---------- Given records

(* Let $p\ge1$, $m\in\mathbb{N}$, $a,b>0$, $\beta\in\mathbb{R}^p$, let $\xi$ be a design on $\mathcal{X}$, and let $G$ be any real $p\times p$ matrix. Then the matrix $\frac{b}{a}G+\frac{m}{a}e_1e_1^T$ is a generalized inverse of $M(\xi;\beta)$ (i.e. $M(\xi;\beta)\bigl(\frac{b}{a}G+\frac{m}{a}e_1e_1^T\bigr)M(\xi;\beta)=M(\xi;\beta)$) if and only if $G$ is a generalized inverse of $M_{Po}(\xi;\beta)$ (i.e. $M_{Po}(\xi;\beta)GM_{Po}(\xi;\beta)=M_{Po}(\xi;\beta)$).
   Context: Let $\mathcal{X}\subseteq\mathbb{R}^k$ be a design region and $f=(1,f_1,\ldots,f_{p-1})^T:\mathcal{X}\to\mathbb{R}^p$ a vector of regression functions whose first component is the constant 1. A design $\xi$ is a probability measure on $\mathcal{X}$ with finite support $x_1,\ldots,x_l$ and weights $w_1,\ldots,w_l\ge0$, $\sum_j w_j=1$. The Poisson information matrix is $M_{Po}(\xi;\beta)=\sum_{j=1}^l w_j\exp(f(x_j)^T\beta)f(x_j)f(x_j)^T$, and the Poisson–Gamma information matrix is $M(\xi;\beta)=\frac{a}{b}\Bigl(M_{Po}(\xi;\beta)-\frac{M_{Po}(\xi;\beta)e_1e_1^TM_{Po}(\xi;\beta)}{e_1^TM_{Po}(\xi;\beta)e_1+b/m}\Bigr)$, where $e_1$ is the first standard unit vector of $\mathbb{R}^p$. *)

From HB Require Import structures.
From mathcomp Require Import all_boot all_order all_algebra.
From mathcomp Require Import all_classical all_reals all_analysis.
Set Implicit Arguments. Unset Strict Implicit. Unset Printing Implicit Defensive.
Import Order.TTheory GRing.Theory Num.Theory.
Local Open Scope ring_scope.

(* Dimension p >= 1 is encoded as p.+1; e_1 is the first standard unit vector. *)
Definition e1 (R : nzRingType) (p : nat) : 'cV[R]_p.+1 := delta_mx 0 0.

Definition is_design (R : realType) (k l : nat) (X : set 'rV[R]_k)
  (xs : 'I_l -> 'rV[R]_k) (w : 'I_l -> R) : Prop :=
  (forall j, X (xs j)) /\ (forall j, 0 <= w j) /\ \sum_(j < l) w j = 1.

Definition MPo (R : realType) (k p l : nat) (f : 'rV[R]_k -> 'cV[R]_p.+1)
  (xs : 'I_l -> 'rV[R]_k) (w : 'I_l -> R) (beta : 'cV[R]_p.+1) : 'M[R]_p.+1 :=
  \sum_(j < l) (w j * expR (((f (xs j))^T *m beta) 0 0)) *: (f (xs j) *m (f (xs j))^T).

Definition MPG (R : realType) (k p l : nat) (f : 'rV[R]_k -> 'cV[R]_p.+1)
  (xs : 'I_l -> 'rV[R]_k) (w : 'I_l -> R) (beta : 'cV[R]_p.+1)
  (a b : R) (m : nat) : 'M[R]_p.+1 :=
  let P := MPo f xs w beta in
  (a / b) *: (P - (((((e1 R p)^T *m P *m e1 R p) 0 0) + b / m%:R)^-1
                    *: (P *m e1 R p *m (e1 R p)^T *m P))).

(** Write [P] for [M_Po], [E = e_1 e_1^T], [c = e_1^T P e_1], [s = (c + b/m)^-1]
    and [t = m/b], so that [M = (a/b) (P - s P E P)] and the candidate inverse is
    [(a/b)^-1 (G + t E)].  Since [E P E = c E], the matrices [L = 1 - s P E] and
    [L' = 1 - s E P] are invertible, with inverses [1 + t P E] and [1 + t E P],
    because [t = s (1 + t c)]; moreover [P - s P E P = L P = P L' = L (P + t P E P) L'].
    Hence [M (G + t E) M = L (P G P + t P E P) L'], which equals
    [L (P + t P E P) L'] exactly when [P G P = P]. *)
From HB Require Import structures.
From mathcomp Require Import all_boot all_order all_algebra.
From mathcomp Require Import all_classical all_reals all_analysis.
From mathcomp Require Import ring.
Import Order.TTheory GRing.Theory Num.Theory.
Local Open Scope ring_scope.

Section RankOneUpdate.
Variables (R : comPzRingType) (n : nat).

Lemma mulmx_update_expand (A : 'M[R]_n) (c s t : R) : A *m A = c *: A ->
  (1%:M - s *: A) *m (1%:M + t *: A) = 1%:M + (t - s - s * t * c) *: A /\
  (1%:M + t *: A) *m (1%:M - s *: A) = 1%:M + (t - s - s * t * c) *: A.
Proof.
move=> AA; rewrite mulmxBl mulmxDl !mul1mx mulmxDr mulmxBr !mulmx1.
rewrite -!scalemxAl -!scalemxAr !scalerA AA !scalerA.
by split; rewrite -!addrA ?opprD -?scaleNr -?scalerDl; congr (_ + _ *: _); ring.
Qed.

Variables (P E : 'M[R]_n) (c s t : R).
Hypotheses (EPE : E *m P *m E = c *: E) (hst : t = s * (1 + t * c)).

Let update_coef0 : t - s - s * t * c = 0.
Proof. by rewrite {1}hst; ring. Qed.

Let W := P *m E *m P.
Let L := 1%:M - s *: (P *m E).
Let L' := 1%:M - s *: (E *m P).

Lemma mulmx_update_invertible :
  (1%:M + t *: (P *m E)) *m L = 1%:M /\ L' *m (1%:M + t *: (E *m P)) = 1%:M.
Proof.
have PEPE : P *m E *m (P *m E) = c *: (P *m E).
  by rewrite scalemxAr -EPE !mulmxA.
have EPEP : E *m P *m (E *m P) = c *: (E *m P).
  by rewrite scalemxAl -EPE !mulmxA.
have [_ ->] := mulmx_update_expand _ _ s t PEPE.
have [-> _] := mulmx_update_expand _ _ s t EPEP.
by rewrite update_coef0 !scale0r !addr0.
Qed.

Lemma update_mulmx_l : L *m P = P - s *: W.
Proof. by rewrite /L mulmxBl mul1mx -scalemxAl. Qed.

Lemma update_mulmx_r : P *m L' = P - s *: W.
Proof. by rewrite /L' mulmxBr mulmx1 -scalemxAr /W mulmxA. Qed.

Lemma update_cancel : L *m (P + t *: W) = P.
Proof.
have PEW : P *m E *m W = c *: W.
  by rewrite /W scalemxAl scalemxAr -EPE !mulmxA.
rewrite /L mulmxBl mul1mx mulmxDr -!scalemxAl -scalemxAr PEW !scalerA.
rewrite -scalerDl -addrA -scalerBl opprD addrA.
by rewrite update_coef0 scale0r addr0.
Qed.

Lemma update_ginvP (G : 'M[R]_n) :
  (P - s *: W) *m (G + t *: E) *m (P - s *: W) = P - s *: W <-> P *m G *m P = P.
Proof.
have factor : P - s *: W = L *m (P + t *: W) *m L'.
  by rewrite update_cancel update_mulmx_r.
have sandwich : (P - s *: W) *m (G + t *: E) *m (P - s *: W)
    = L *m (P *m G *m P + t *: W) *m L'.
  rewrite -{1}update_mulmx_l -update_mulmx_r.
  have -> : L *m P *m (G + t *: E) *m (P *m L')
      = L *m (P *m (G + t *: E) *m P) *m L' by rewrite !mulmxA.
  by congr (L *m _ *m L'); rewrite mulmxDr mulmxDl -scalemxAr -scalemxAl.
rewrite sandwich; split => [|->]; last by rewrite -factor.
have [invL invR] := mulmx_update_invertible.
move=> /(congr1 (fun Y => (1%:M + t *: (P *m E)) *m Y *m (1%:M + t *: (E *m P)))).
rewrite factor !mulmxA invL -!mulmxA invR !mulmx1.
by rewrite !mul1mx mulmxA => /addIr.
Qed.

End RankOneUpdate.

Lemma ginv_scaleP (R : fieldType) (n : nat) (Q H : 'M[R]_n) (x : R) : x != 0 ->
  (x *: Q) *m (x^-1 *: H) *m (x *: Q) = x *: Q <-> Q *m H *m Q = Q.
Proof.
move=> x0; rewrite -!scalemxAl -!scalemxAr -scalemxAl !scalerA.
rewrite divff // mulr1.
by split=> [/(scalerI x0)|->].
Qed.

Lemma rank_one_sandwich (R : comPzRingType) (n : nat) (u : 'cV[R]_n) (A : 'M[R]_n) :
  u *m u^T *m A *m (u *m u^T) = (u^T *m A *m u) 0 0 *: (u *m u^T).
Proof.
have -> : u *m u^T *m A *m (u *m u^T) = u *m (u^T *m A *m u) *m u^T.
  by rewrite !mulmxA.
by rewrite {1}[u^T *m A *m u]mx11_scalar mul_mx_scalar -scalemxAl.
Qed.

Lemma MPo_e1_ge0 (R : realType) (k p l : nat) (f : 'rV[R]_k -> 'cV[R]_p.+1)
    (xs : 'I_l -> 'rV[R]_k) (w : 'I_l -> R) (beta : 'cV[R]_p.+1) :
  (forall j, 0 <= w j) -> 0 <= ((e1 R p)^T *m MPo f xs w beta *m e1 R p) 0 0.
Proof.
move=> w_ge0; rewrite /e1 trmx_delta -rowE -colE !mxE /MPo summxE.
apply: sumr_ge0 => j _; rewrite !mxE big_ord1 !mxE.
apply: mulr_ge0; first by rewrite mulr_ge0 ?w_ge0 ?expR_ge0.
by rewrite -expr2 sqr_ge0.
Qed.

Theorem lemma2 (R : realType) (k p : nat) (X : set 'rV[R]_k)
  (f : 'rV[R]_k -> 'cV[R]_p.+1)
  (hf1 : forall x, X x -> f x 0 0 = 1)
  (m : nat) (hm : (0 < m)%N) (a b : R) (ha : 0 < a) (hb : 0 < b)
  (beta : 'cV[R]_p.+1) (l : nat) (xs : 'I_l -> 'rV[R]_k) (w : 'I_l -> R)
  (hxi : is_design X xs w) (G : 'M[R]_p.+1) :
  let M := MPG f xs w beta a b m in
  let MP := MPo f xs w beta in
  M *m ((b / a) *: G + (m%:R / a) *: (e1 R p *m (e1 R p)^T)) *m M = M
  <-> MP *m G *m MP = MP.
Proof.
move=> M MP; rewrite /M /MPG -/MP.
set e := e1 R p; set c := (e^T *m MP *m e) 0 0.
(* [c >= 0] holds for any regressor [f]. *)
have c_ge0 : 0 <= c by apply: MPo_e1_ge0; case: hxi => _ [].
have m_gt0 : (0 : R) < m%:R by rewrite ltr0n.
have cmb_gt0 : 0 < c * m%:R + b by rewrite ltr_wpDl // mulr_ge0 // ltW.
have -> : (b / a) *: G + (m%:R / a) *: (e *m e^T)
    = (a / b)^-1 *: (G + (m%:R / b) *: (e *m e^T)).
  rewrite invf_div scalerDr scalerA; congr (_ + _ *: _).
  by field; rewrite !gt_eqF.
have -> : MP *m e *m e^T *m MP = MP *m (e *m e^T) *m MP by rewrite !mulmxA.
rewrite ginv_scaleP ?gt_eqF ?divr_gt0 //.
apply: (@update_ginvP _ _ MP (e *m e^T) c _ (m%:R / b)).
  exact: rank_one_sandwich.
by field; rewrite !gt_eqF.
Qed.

--------------------

## Task details:
Return only those lines of the records that contain the string "scalemxAr".

## Written answer:
rewrite -!scalemxAl -!scalemxAr !scalerA AA !scalerA.
  by rewrite scalemxAr -EPE !mulmxA.
Proof. by rewrite /L' mulmxBr mulmx1 -scalemxAr /W mulmxA. Qed.
  by rewrite /W scalemxAl scalemxAr -EPE !mulmxA.
rewrite /L mulmxBl mul1mx mulmxDr -!scalemxAl -scalemxAr PEW !scalerA.
  by congr (L *m _ *m L'); rewrite mulmxDr mulmxDl -scalemxAr -scalemxAl.
move=> x0; rewrite -!scalemxAl -!scalemxAr -scalemxAl !scalerA.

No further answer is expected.